Odpowiedzi na propagandę i dezinformację
Jak więc różne podmioty zajęły się zarówno dezinformacją, jak i dezinformacją?
Sprawa i werdykt jury Jonesa jest jednym z przykładów tego, jak społeczeństwa mogą przeciwdziałać dezinformacji. Bycie wciągniętym do sądu i zmuszanym przez ławę przysięgłych składającą się z rówieśników do wypłacenia 49 milionów dolarów odszkodowania spowodowałoby, że większość ludzi weryfikuje to, co mówią, zanim to powiedzą.
Rządy i korporacje również podjęły znaczące kroki w celu złagodzenia dezinformacji. W następstwie rosyjskiej inwazji na Ukrainę w 2022 r. UE przestała retransmitować Rosję dzisiaj, znanej rosyjskiej sieci telewizyjnej kontrolowanej przez państwo, która nie jest już dostępna w Europie ani w Afryce.
Połączenia EUvsDisinfo projekt przeciwdziałał rosyjskiej propagandzie i zajmował się „trwającymi kampaniami dezinformacyjnymi Federacji Rosyjskiej wpływającymi na Unię Europejską, jej państwa członkowskie i kraje we wspólnym sąsiedztwie” od 2015 r. W 2022 r. Google poszło w jego ślady, uruchamiając Konflikt rosyjsko-ukraińskiMisinfo Dashboard, który zawiera listę wątpliwych twierdzeń związanych z inwazją i weryfikuje ich prawdziwość.
Wikipedia jako antypropaganda?
Zwykli obywatele mają również kilka sposobów przeciwdziałania dezinformacji. Umiejętność korzystania z informacji jest zazwyczaj określana jako indywidualna odpowiedzialność, ale szwedzcy uczeni Jutta Haider i Olof Sundin wskazują, że „wspólne poczucie prawdy wymaga zaufania społecznego, zwłaszcza zaufania instytucjonalnego, przynajmniej jako oczekiwanego ideału”.
Jak możemy odtworzyć zdrowy rozsądek prawdy? Wikipedia – ogólnodostępna encyklopedia online, w której wiedza jest wspólnie wytwarzana – jest dobrym miejscem do rozpoczęcia.
Wikipedia ma zasady egzekwowane przez społeczność neutralność i Sprawdzalność. Każdy może edytować stronę Wikipedii, ale niezliczeni administratorzy, użytkownicy i „boty” z automatycznym ustawianiem typu zapewniają, że te zmiany są tak poprawne, jak to tylko możliwe. Zmiany i spory dotyczące treści artykułów są archiwizowane w serwisie i widoczne dla wszystkich: proces redakcyjny jest przejrzysty. Z możliwym wyjątkiem niejasnych tematów, w które zaangażowanych jest bardzo niewielu redaktorów, dezinformacje są szybko usuwane.
Edukacja jest kluczowa
Jako konsumenci informacji, niektóre ważne kroki, które możemy podjąć, aby chronić się przed dezinformacją, obejmują wyszukiwanie i czytanie szerokiej gamy źródeł oraz nieudostępnianie wątpliwych treści. Szkoły dokładają wszelkich starań, aby rozpowszechniać to przesłanie.

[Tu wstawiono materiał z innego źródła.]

(* If $X$ is a core compact well-filtered space, then the upper Vietoris topology and the Scott topology on $\mathsf{K}(X)$ coincide.
   Context: Spaces are $T_0$; specialization order $x\le y$ iff $x\in\overline{\{y\}}$; saturated = upper set. $\mathsf{K}(X)$ = nonempty compact saturated subsets ordered by reverse inclusion. Scott topology on a poset: upper sets $U$ such that every directed $D$ whose supremum exists and lies in $U$ meets $U$. Upper Vietoris topology on $\mathsf{K}(X)$: base $\Box U=\{K:K\subseteq U\}$, $U$ open. Well-filtered: for open $U$ and $\mathcal K\subseteq\mathsf{K}(X)$ filtered under inclusion, $\bigcap\mathcal K\subseteq U$ implies some $K\in\mathcal K$ lies in $U$. Core compact: the lattice of open sets of $X$ is a continuous lattice. *)

From Stdlib Require Import List.

Set Implicit Arguments.

Definition subset {A : Type} (P Q : A -> Prop) : Prop := forall a, P a -> Q a.

Definition is_topology {X : Type} (O : (X -> Prop) -> Prop) : Prop :=
  O (fun _ => True) /\
  (forall U V, O U -> O V -> O (fun x => U x /\ V x)) /\
  (forall F : (X -> Prop) -> Prop, (forall U, F U -> O U) ->
     O (fun x => exists U, F U /\ U x)).

Definition T0 {X : Type} (O : (X -> Prop) -> Prop) : Prop :=
  forall x y, (forall U, O U -> (U x <-> U y)) -> x = y.

Definition closure {X : Type} (O : (X -> Prop) -> Prop) (A : X -> Prop) (x : X) : Prop :=
  forall U, O U -> U x -> exists y, U y /\ A y.

Definition spec_le {X : Type} (O : (X -> Prop) -> Prop) (x y : X) : Prop :=
  closure O (fun z => z = y) x.

Definition saturated {X : Type} (O : (X -> Prop) -> Prop) (A : X -> Prop) : Prop :=
  forall x y, A x -> spec_le O x y -> A y.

Godne uwagi inicjatywy w Australii obejmują Camberwell Grammar School w Canterbury w stanie Wiktoria, gdzie nauczyciele korzystali z zasobów opracowanych przez Edukacja ABC nauczyć swoich uczniów, jak identyfikować wiarygodne źródła wiadomości. Oraz program pilotażowy Uniwersytetu Canberra z wykorzystaniem programu Uniwersytetu Stanforda „czytanie boczne” Zasada jest testowana w trzech szkołach podstawowych i średnich ACT w tym roku. Program instruuje uczestników, aby otworzyli kolejną zakładkę i sprawdzili Wikipedię, czy natrafią na jakieś nieznane lub wątpliwe twierdzenia. Jeśli roszczenia nie można zweryfikować, przejdź dalej.

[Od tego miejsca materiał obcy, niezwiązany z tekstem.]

Theorem code_bridge_tree S T W :
  maximal_suffix_code L S -> maximal_prefix_code L T -> n <= size W ->
  bridge_tree (gext_vertex L W S T) (gext_edge L W).
Proof.
move=> hS hT hW; apply: (suffix_code_bridge_tree (n := n) L_factors L_left) => // W' hW'.
apply/gext_bridge_tree_rev; rewrite map_rev_letters.
apply: (suffix_code_bridge_tree (n := n)); rewrite ?size_rev //.
- exact: factor_closed_rev.
- exact: left_extendable_rev.
- move=> V hV; rewrite -map_rev_letters -[V]revK.
  by apply/gext_bridge_tree_rev/letters_tree; rewrite size_rev.
- exact: maximal_suffix_code_rev.
Qed.
End TwoSided.

(** * Shift spaces and their decodings *)

Section Language.
Variables (A : finType) (X : (Z -> A) -> Prop).

Lemma nth_window (x : Z -> A) i N k d :
  (k < N)%N -> nth d (window x i N) k = x (Z.add i (Z.of_nat k)).
Proof. by move=> h; rewrite /window nth_mkseq. Qed.

Lemma size_window (x : Z -> A) i N : size (window x i N) = N.
Proof. exact: size_mkseq. Qed.

Lemma Lang_factor_closed : factor_closed (Lang X).
Proof.
move=> u v w [x [i [hx e]]]; exists x, (Z.add i (Z.of_nat (size u))); split=> //.
case: v e => [|d v'] e; first by rewrite /window.
apply: (@eq_from_nth _ d); first by rewrite size_window.
move=> k; rewrite size_window => hk; rewrite nth_window //.
have : nth d (u ++ (d :: v') ++ w) (size u + k) = nth d (d :: v') k.
  by rewrite nth_cat ltnNge leq_addr addKn nth_cat hk.
rewrite -e nth_window; last by rewrite !size_cat /=; move: hk => /=; lia.
by move=> <-; congr (x _); lia.
Qed.

Lemma Lang_left_extendable : left_extendable (Lang X).
Proof.
move=> w [x [i [hx e]]]; exists (x (Z.sub i 1)), x, (Z.sub i 1); split=> //.
apply: (@eq_from_nth _ (x i)); first by rewrite size_window.
move=> k; rewrite size_window => hk; rewrite nth_window //.
case: k hk => [|k] hk /=; first by congr (x _); lia.
by rewrite -e nth_window //; congr (x _); lia.
Qed.

Lemma Lang_right_extendable : right_extendable (Lang X).
Proof.
move=> w [x [i [hx e]]]; exists (x (Z.add i (Z.of_nat (size w)))), x, i; split=> //.
apply: (@eq_from_nth _ (x i)); first by rewrite size_window.
move=> k; rewrite size_window size_rcons => hk; rewrite nth_window // nth_rcons.
case: ltnP => h; first by rewrite -e nth_window.
have -> : k = size w by lia.
by rewrite eqxx.
Qed.
End Language.

Section Completeness.
Variables (A : finType) (L : seq A -> Prop) (U : seq (seq A)).

Lemma maximal_suffix_code_of_complete : left_extendable L ->
  {in U &, forall s1 s2, suffix s1 s2 -> s1 = s2} ->
  (exists N, forall w, L w -> N <= size w -> exists2 u, u \in U & suffix u w) ->
  maximal_suffix_code L U.
Proof.
move=> hl hU [N hN]; split=> // w hw.
have [p [hp hpw]] : exists p, size p = N /\ L (p ++ w).
  elim: N {hN} => [|k [p [hp hpw]]]; first by exists [::].
  by have [a ha] := hl _ hpw; exists (a :: p); rewrite /= hp.
have [|u uU hu] := hN _ hpw; first by rewrite size_cat hp leq_addr.
by exists u => //; apply: suffix_total hu (suffix_suffix _ _).
Qed.

Lemma maximal_prefix_code_of_complete : right_extendable L ->
  {in U &, forall t1 t2, prefix t1 t2 -> t1 = t2} ->
  (exists N, forall w, L w -> N <= size w -> exists2 u, u \in U & prefix u w) ->
  maximal_prefix_code L U.
Proof.
move=> hr hU [N hN]; split=> // w hw.
have [p [hp hwp]] : exists p, size p = N /\ L (w ++ p).
  elim: N {hN} => [|k [p [hp hwp]]]; first by exists [::]; rewrite cats0.
  by have [a ha] := hr _ hwp; exists (rcons p a); rewrite size_rcons hp -rcons_cat.
have [|u uU hu] := hN _ hwp; first by rewrite size_cat hp leq_addl.
by exists u => //; apply: prefix_total hu (prefix_prefix _ _).
Qed.
End Completeness.

Lemma dendric_letters_tree (A : finType) (X : (Z -> A) -> Prop) n :
  eventually_dendric X n -> forall W, n <= size W ->
  bridge_tree (gext_vertex (Lang X) W letters letters) (gext_edge (Lang X) W).
Proof.
move=> hd W hW; have hf := @Lang_factor_closed A X.
case: (classic (Lang X W)) => hLW; last first.
  apply: bridge_tree_empty => -[s|t] [_ h]; apply: hLW.
    exact: (factor_closed_suffix hf (u := s) h).
  exact: (factor_closed_prefix hf (v := t) h).
have irr x : ~ ext_edge (Lang X) W x x by case: x => ? /=.
pose f (x : A + A) := match x with inl a => inl [:: a] | inr b => inr [:: b] end.
apply/(@bridge_tree_iso _ _ (ext_vertex (Lang X) W) (ext_edge (Lang X) W) _ _ f).
- by move=> [a|b] [a'|b'] //= [] ->.
- by case=> [s|t] [/mem_letters [c ->] _]; [exists (inl c) | exists (inr c)].
- case=> [a|b] /=; rewrite ?cats1; split=> [[] //|h]; split=> //.
  + by apply/mem_letters; exists a.
  + by apply/mem_letters; exists b.
- by move=> [a|b] [a'|b'] _ _ //=; rewrite cats1.
exact: bridge_tree_of_graph_is_tree irr (hd W hLW hW).
Qed.

Lemma size_morph_ext (A B : Type) (phi : B -> seq A) (w : seq B) :
  (forall b, 0 < size (phi b)) -> size w <= size (morph_ext phi w).
Proof.
move=> h; rewrite /morph_ext; elim: w => //= b w IH.
by rewrite size_cat; have := h b; lia.
Qed.

Lemma decoding_bridge_tree (A B : finType) (phi : B -> seq A) (LX : seq A -> Prop)
    (LY : seq B -> Prop) (U : seq (seq A)) (w : seq B) :
  injective phi -> (forall u, u \in U <-> exists b, phi b = u) ->
  (forall v, LY v <-> LX (morph_ext phi v)) ->
  bridge_tree (gext_vertex LX (morph_ext phi w) U U) (gext_edge LX (morph_ext phi w)) ->
  bridge_tree (ext_vertex LY w) (ext_edge LY w).
Proof.
move=> phi_inj phi_onto LY_LX hT.
pose f (x : B + B) := match x with inl b => inl (phi b) | inr b => inr (phi b) end.
have phiU b : phi b \in U by apply/phi_onto; exists b.
apply: (iffLR (@bridge_tree_iso _ _ (ext_vertex LY w) (ext_edge LY w) _ _ f _ _ _ _) hT).
- by move=> [a|b] [a'|b'] //= [] /phi_inj ->.
- by case=> [s|t] [/phi_onto [b <-] _]; [exists (inl b) | exists (inr b)].
- by case=> [a|b] /=; rewrite LY_LX /morph_ext ?map_rcons ?flatten_rcons; split=> [[]|].
- by move=> [a|b] [a'|b'] _ _ //=; rewrite LY_LX /morph_ext /= map_rcons flatten_rcons.
Qed.

Theorem mainTheorem19 (A : finType) (X : (Z -> A) -> Prop) (n : nat)
  (U : seq (seq A)) (B : finType) (phi : B -> seq A) (Y : (Z -> B) -> Prop) :
  is_shift_space X ->
  eventually_dendric X n ->
  (forall u, u \in U -> Lang X u) ->
  bifix_code U ->
  two_sided_complete X U ->
  injective phi ->
  (forall u, u \in U <-> exists b, phi b = u) ->
  is_shift_space Y ->
  (forall v : seq B, Lang Y v <-> Lang X (morph_ext phi v)) ->
  eventually_dendric Y n.
Proof.
move=> _ X_dendric _ U_bifix [U_right U_left] phi_inj phi_onto _ LY w _ hn.
apply/graph_is_tree_of_bridge/(decoding_bridge_tree phi_inj phi_onto LY).
have LX_factors := @Lang_factor_closed A X.
case U0 : ([::] \in U).
  apply: gext_bridge_tree_nil => // s sU.
  by apply: esym; apply: (U_bifix _ _ U0 sU).1; exact: prefix0s.
apply: (code_bridge_tree (n := n)) => //.
- exact: Lang_left_extendable.
- exact: Lang_right_extendable.
- exact: dendric_letters_tree.
- apply: maximal_suffix_code_of_complete; [exact: Lang_left_extendable | | exact: U_left].
  by move=> u v uU vU; apply: (U_bifix u v uU vU).2.
- apply: maximal_prefix_code_of_complete; [exact: Lang_right_extendable | | exact: U_right].
  by move=> u v uU vU; apply: (U_bifix u v uU vU).1.
apply: leq_trans hn (size_morph_ext _ _) => b.
have : phi b \in U by apply/phi_onto; exists b.
by case: (phi b) => //; rewrite U0.
Qed.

Taka edukacja informacyjna musi być uzupełniona świadomością norm i wartości demokratycznych. Powinna również obejmować lepsze zrozumienie znaczenia prywatności: im więcej dzielimy się informacjami o sobie, tym większe prawdopodobieństwo, że staniemy się celem kampanii dezinformacyjnych.
Chociaż dezinformacja może trwać, a nawet prosperować w niektórych zakątkach, naszą najlepszą linią obrony jest zapewnienie, że czytamy informacje z wielu wiarygodnych źródeł; korzystać z usług sprawdzania faktów; i są bardziej wnikliwe w tym, co czytamy i udostępniamy.

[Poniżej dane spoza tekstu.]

Lemma xi_pow (j : nat) : Cpow xi j = xiZ (Z.of_nat j).
Proof.
  induction j as [| j IH]; simpl Cpow.
  - symmetry; apply xiZ_0.
  - rewrite IH; replace xi with (xiZ 1) by (unfold xiZ, xi; f_equal; field).
    rewrite xiZ_add, Nat2Z.inj_succ, Z.add_1_l; reflexivity.
Qed.

Lemma refl_xiZ (a k : Z) : refl (xiZ a) (xiZ k) = xiZ (2 * a - k + 5).
Proof.
  rewrite refl_unit by apply xiZ_mul_conj.
  rewrite xiZ_conj, !xiZ_add.
  replace (2 * a - k + 5)%Z with (- k + (a + a) + 5)%Z by lia.
  rewrite <- (xiZ_add _ 5), xiZ_5; apply C_ext; simpl; ring.
Qed.

Lemma alpha1_xiZ : alpha1 = xiZ 0.
Proof. rewrite xiZ_0; reflexivity. Qed.

Lemma alpha2_xiZ : alpha2 = xiZ 4.
Proof. reflexivity. Qed.

Lemma r1_xiZ (k : Z) : r1 (xiZ k) = xiZ (5 - k).
Proof. unfold r1; rewrite alpha1_xiZ, refl_xiZ; f_equal; lia. Qed.

Lemma r2_xiZ (k : Z) : r2 (xiZ k) = xiZ (13 - k).
Proof. unfold r2; rewrite alpha2_xiZ, refl_xiZ; f_equal; lia. Qed.

Lemma r1_involutive (v : C) : r1 (r1 v) = v.
Proof. unfold r1; rewrite alpha1_xiZ; apply refl_involutive, xiZ_mul_conj. Qed.

Lemma r2_involutive (v : C) : r2 (r2 v) = v.
Proof. unfold r2; rewrite alpha2_xiZ; apply refl_involutive, xiZ_mul_conj. Qed.

Lemma tau_sq : tau * tau = tau + 1.
Proof.
  pose proof (sqrt_sqrt 5 ltac:(lra)) as H5.
  unfold tau; nra.
Qed.

(* cos(3x) = -cos(2x) at x = PI/5 makes c = cos(PI/5) a root of (c + 1)(4c^2 - 2c - 1). *)
Lemma cos_PI5 : cos (PI / 5) = tau / 2.
Proof.
  set (c := cos (PI / 5)); set (s := sin (PI / 5)).
  assert (Hsc : s * s + c * c = 1) by (pose proof (sin2_cos2 (PI / 5)) as H;
    fold s c in H; unfold Rsqr in H; lra).
  assert (H3 : cos (2 * (PI / 5) + PI / 5) = - cos (2 * (PI / 5))).
  { replace (2 * (PI / 5) + PI / 5) with (PI - 2 * (PI / 5)) by field.
    apply Rtrigo_facts.cos_pi_minus. }
  rewrite cos_plus, sin_2a, cos_2a in H3; fold c s in H3.
  assert (Hc : 0 < c) by (apply cos_gt_0; pose proof PI_RGT_0; lra).
  assert (Hroot : (c + 1) * (4 * c * c - 2 * c - 1) = 0) by nra.
  apply Rmult_integral in Hroot as [Hroot | Hroot]; [lra |].
  assert (Hq : (4 * c - 1) * (4 * c - 1) = 5) by nra.
  assert (Hpos : 0 <= 4 * c - 1) by nra.
  unfold tau; rewrite <- Hq, sqrt_square by exact Hpos; lra.
Qed.

Lemma cos_2PI5 : cos (2 * (PI / 5)) = (tau - 1) / 2.
Proof. rewrite cos_2a_cos, cos_PI5; pose proof tau_sq; lra. Qed.

(* alpha_H = tau (1 + xi^4) = xi^2 * tau (xi^-2 + xi^2) = xi^2 * 2 tau cos(2 PI/5),
   and 2 tau cos(2 PI/5) = tau^2 - tau = 1. *)
Lemma alphaH_xiZ : alphaH = xiZ 2.
Proof.
  assert (Hsum : Cplus (xiZ (-2)) (xiZ 2) = RtoC (2 * cos (2 * (PI / 5)))).
  { unfold xiZ, cexpi; apply C_ext; simpl.
    - replace (-2 * PI / 5) with (- (2 * (PI / 5))) by field.
      replace (2 * PI / 5) with (2 * (PI / 5)) by field.
      rewrite cos_neg; ring.
    - replace (-2 * PI / 5) with (- (2 * PI / 5)) by field.
      rewrite sin_neg; ring. }
  assert (Hunit : Cplus alpha1 alpha2 = Cmult (xiZ 2) (Cplus (xiZ (-2)) (xiZ 2))).
  { rewrite alpha1_xiZ, alpha2_xiZ, Cmult_plus_distr_l, !xiZ_add; reflexivity. }
  unfold alphaH; rewrite Hunit, Hsum, cos_2PI5.
  replace (RtoC (2 * ((tau - 1) / 2))) with (RtoC (tau - 1)) by (f_equal; field).
  transitivity (Cmult (RtoC (tau * (tau - 1))) (xiZ 2)).
  - rewrite RtoC_mult; ring.
  - replace (tau * (tau - 1)) with 1 by (pose proof tau_sq; lra); ring.
Qed.

Definition xi_sum (L : list Z) : C :=
  fold_right (fun a s => Cplus (xiZ a) s) (RtoC 0) L.

Lemma xi_sum_app (L M : list Z) : xi_sum (L ++ M) = Cplus (xi_sum L) (xi_sum M).
Proof. induction L as [| a L IH]; simpl; [| rewrite IH]; ring. Qed.

Lemma xi_sum_repeat (a : Z) (m : nat) : xi_sum (repeat a m) = Cmult (RtoC (INR m)) (xiZ a).
Proof.
  induction m as [| m IH]; simpl repeat; simpl xi_sum; [simpl INR | rewrite IH, S_INR, RtoC_plus]; ring.
Qed.

Lemma refl_xi_sum (a : C) (f : Z -> Z) (L : list Z) :
  (forall k, refl a (xiZ k) = xiZ (f k)) -> refl a (xi_sum L) = xi_sum (map f L).
Proof.
  intros Hf; induction L as [| k L IH]; simpl.
  - apply refl_0.
  - rewrite refl_add, Hf, IH; reflexivity.
Qed.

Mówiąc prościej, nie karm trolli – ani platform, na których się rozwijają.
O autorze
Mathieu O'Neil, profesor nadzwyczajny Centrum Badań Komunikacji, Wiadomości i Mediów, University of Canberra i Michaela Jensena, profesor nadzwyczajny, Institute for Governance and Policy Analysis, University of Canberra, University of Canberra
Artykuł został opublikowany ponownie Konwersacje na licencji Creative Commons. Przeczytać oryginalny artykuł.